PROVIDED RECORDS: Begin

(* For $k\in\mathbb N_0$ and real $\alpha\ge0$ let $S^{(\alpha)}_k=\sum_{p\in\mathbb P_k}p^{-\alpha}$, where $\mathbb P_k=\{p^{(k)}_n:n\in\mathbb N\}$. The series $S^{(\alpha)}_k$ converges if and only if $\alpha>1$, or $\alpha=1$ and $k\ge2$. Moreover, for each $\alpha\ge1$, $S^{(\alpha)}_k\to0$ as $k\to+\infty$.
   Context: Let $p_n$ denote the $n$-th prime number. Define $p^{(0)}_n=n$ and recursively $p^{(k+1)}_n=p_{p^{(k)}_n}$ for $k\in\mathbb N_0$. *)

From mathcomp Require Import all_boot all_order all_algebra.
From mathcomp Require Import all_classical all_reals all_analysis.
Set Implicit Arguments. Unset Strict Implicit. Unset Printing Implicit Defensive.
Import Order.TTheory GRing.Theory Num.Theory.

Lemma exists_prime_above (m : nat) : exists p, (m < p) && prime p.
Proof. by case: (prime_above m) => p Hmp Hp; exists p; rewrite Hmp Hp. Qed.

Definition next_prime (m : nat) : nat := ex_minn (exists_prime_above m).

(* nth_prime n = p_n, 1-indexed: p_1 = 2, p_2 = 3, p_3 = 5, ...
   (nth_prime 0 = 1 is an irrelevant junk value) *)
Definition nth_prime (n : nat) : nat := iter n next_prime 1.

(* iterated prime: iter_prime k n = p^{(k)}_n, with p^{(0)}_n = n and
   p^{(k+1)}_n = p_{p^{(k)}_n} *)
Definition iter_prime (k n : nat) : nat := iter k nth_prime n.

(* the n-th term (n >= 0) of S^{(alpha)}_k = sum_{m >= 1} (p^{(k)}_m)^{-alpha},
   i.e. term for m = n+1 *)
Definition S_term {R : realType} (k : nat) (alpha : R) (n : nat) : R :=
  ((iter_prime k n.+1)%:R `^ (- alpha))%R.

(* Chebyshev's bounds, read off the central binomial coefficient, give
   m log m << p_m << m log m.  Iterating the upper bound along powers of two
   yields p^(k)_(2^J) << 2^J J^k, and applying the lower bound twice yields
   p_(p_m) >> m (log m)^2.  Grouping terms into dyadic blocks [2^j, 2^(j+1))
   then decides convergence: for alpha > 1 compare with sum n^(-alpha); for
   alpha = 1 the j-th block is O(1/j^2) when k = 2 and >> 1/j when k = 1; for
   alpha < 1 the partial sum up to 2^J is >= 2^((1-alpha)J) / poly(J).  Finally
   p^(k)_n = p^(2)_(p^(k-2)_n), so for alpha >= 1 the sum S_k is at most the
   tail of the convergent series S_2^(1) beyond index k-2, which tends to 0. *)

From mathcomp Require Import all_boot all_order all_algebra.
From mathcomp Require Import all_classical all_reals all_analysis.
From mathcomp Require Import zify.
From mathcomp.algebra_tactics Require Import ring lra.
Import Order.TTheory GRing.Theory Num.Theory numFieldNormedType.Exports.

(** * Prime counting and Chebyshev bounds *)

Lemma next_primeP m : [/\ m < next_prime m, prime (next_prime m) &
  forall q, m < q -> prime q -> next_prime m <= q].
Proof.
rewrite /next_prime; case: ex_minnP => p /andP[mp pp] p_min.
by split => // q mq pq; apply: p_min; rewrite mq pq.
Qed.

Definition prime_pi (x : nat) : nat := count prime (iota 0 x.+1).

Lemma prime_piD a d : prime_pi (a + d) = prime_pi a + count prime (iota a.+1 d).
Proof. by rewrite /prime_pi -addSn iotaD count_cat. Qed.

Lemma leq_prime_pi : {homo prime_pi : a b / a <= b}.
Proof. by move=> a b ab; rewrite -(subnKC ab) prime_piD leq_addr. Qed.

Lemma prime_pi_gap a y : a <= y < next_prime a -> prime_pi y = prime_pi a.
Proof.
case/andP=> ay y_lt; have [_ _ next_min] := next_primeP a.
rewrite -(subnKC ay) prime_piD (@eq_in_count _ _ pred0) ?count_pred0 ?addn0 // => i.
by rewrite mem_iota => /andP[ai iy] /=; apply/negP => /(next_min i ai); lia.
Qed.

Lemma prime_pi_next a : prime_pi (next_prime a) = (prime_pi a).+1.
Proof.
have [a_lt pr_next _] := next_primeP a.
rewrite -(ltn_predK a_lt) -addn1 prime_piD /= (ltn_predK a_lt) pr_next addn1.
by rewrite (@prime_pi_gap a) //; lia.
Qed.

Lemma nth_primeS m : nth_prime m.+1 = next_prime (nth_prime m).
Proof. exact: iterS. Qed.

Lemma prime_pi_nth_prime m : prime_pi (nth_prime m) = m.
Proof. by elim: m => [//|m IHm]; rewrite nth_primeS prime_pi_next IHm. Qed.

Lemma nth_prime_ltS m : nth_prime m < nth_prime m.+1.
Proof. by rewrite nth_primeS; case: (next_primeP (nth_prime m)). Qed.

Lemma ltn_nth_prime : {homo nth_prime : m n / m < n}.
Proof. exact: homo_ltn ltn_trans nth_prime_ltS. Qed.

Lemma nth_prime_gt m : m < nth_prime m.
Proof. by elim: m => [//|m IHm]; apply: leq_ltn_trans IHm (nth_prime_ltS m). Qed.

Lemma nth_prime_leqE m x : 0 < m -> (nth_prime m <= x) = (m <= prime_pi x).
Proof.
case: m => // m _; apply/idP/idP => [|m_le].
  by rewrite -{2}(prime_pi_nth_prime m.+1); apply: leq_prime_pi.
rewrite leqNgt; apply/negP; rewrite nth_primeS => x_lt.
case: (leqP x (nth_prime m)) => [x_le | /ltnW nth_le].
  by have := leq_prime_pi _ _ x_le; rewrite prime_pi_nth_prime; lia.
by move: m_le; rewrite (@prime_pi_gap (nth_prime m)) ?nth_le // prime_pi_nth_prime ltnn.
Qed.

Lemma central_binS n : n.+1 * 'C(n.+1.*2, n.+1) = (n.*2.+1).*2 * 'C(n.*2, n).
Proof.
have := mul_bin_diag n.*2.+2 n; have := mul_bin_down n.*2.+1 n.
rewrite doubleS (_ : n.*2.+1 - n = n.+1) /=; [nia | lia].
Qed.

Lemma leq_bin_exp2 n m : 'C(n, m) <= 2 ^ n.
Proof.
have [mn | nm] := leqP m n; last by rewrite bin_small.
rewrite -[2]/(1 + 1) expnDn (bigD1 (inord m)) //= inordK ?ltnS //.
by rewrite !exp1n !muln1 leq_addr.
Qed.

Lemma exp2_leq_central_bin n : 2 ^ n <= 'C(n.*2, n).
Proof.
elim: n => [//|n IHn]; rewrite -(leq_pmul2l (ltn0Sn n)) central_binS expnS.
nia.
Qed.

Lemma prime_dvd_fact p n : prime p -> p %| n`! -> p <= n.
Proof.
move=> pr_p; rewrite fact_prod Euclid_dvd_prod // big_has => /hasP[i].
by rewrite mem_index_iota => /andP[i_gt0 i_le] /dvdn_leq-/(_ i_gt0)/leq_trans->.
Qed.

Lemma prod_primes_dvdn s m : uniq s -> all prime s ->
  {in s, forall p, p %| m} -> \prod_(p <- s) p %| m.
Proof.
elim: s => [|p s IHs] /=; first by rewrite big_nil dvd1n.
case/andP=> p_s uniq_s /andP[pr_p pr_s] s_dvd; rewrite big_cons Gauss_dvd.
  by rewrite s_dvd ?mem_head // IHs // => q qs; apply: s_dvd; rewrite inE qs orbT.
rewrite prime_coprime // Euclid_dvd_prod // big_has; apply/hasPn => q qs /=.
by rewrite dvdn_prime2 //; [apply: contraNN p_s => /eqP-> | apply: (allP pr_s)].
Qed.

PROVIDED RECORDS: End

*WORK INSTRUCTIONS*
The answer should consist of the lines from the first line of the entries through the line with "((iter_prime k n.+1)%:R", copied exactly.

*EXERCISE RESULT*
(* For $k\in\mathbb N_0$ and real $\alpha\ge0$ let $S^{(\alpha)}_k=\sum_{p\in\mathbb P_k}p^{-\alpha}$, where $\mathbb P_k=\{p^{(k)}_n:n\in\mathbb N\}$. The series $S^{(\alpha)}_k$ converges if and only if $\alpha>1$, or $\alpha=1$ and $k\ge2$. Moreover, for each $\alpha\ge1$, $S^{(\alpha)}_k\to0$ as $k\to+\infty$.
   Context: Let $p_n$ denote the $n$-th prime number. Define $p^{(0)}_n=n$ and recursively $p^{(k+1)}_n=p_{p^{(k)}_n}$ for $k\in\mathbb N_0$. *)

From mathcomp Require Import all_boot all_order all_algebra.
From mathcomp Require Import all_classical all_reals all_analysis.
Set Implicit Arguments. Unset Strict Implicit. Unset Printing Implicit Defensive.
Import Order.TTheory GRing.Theory Num.Theory.

Lemma exists_prime_above (m : nat) : exists p, (m < p) && prime p.
Proof. by case: (prime_above m) => p Hmp Hp; exists p; rewrite Hmp Hp. Qed.

Definition next_prime (m : nat) : nat := ex_minn (exists_prime_above m).

(* nth_prime n = p_n, 1-indexed: p_1 = 2, p_2 = 3, p_3 = 5, ...
   (nth_prime 0 = 1 is an irrelevant junk value) *)
Definition nth_prime (n : nat) : nat := iter n next_prime 1.

(* iterated prime: iter_prime k n = p^{(k)}_n, with p^{(0)}_n = n and
   p^{(k+1)}_n = p_{p^{(k)}_n} *)
Definition iter_prime (k n : nat) : nat := iter k nth_prime n.

(* the n-th term (n >= 0) of S^{(alpha)}_k = sum_{m >= 1} (p^{(k)}_m)^{-alpha},
   i.e. term for m = n+1 *)
Definition S_term {R : realType} (k : nat) (alpha : R) (n : nat) : R :=
  ((iter_prime k n.+1)%:R `^ (- alpha))%R.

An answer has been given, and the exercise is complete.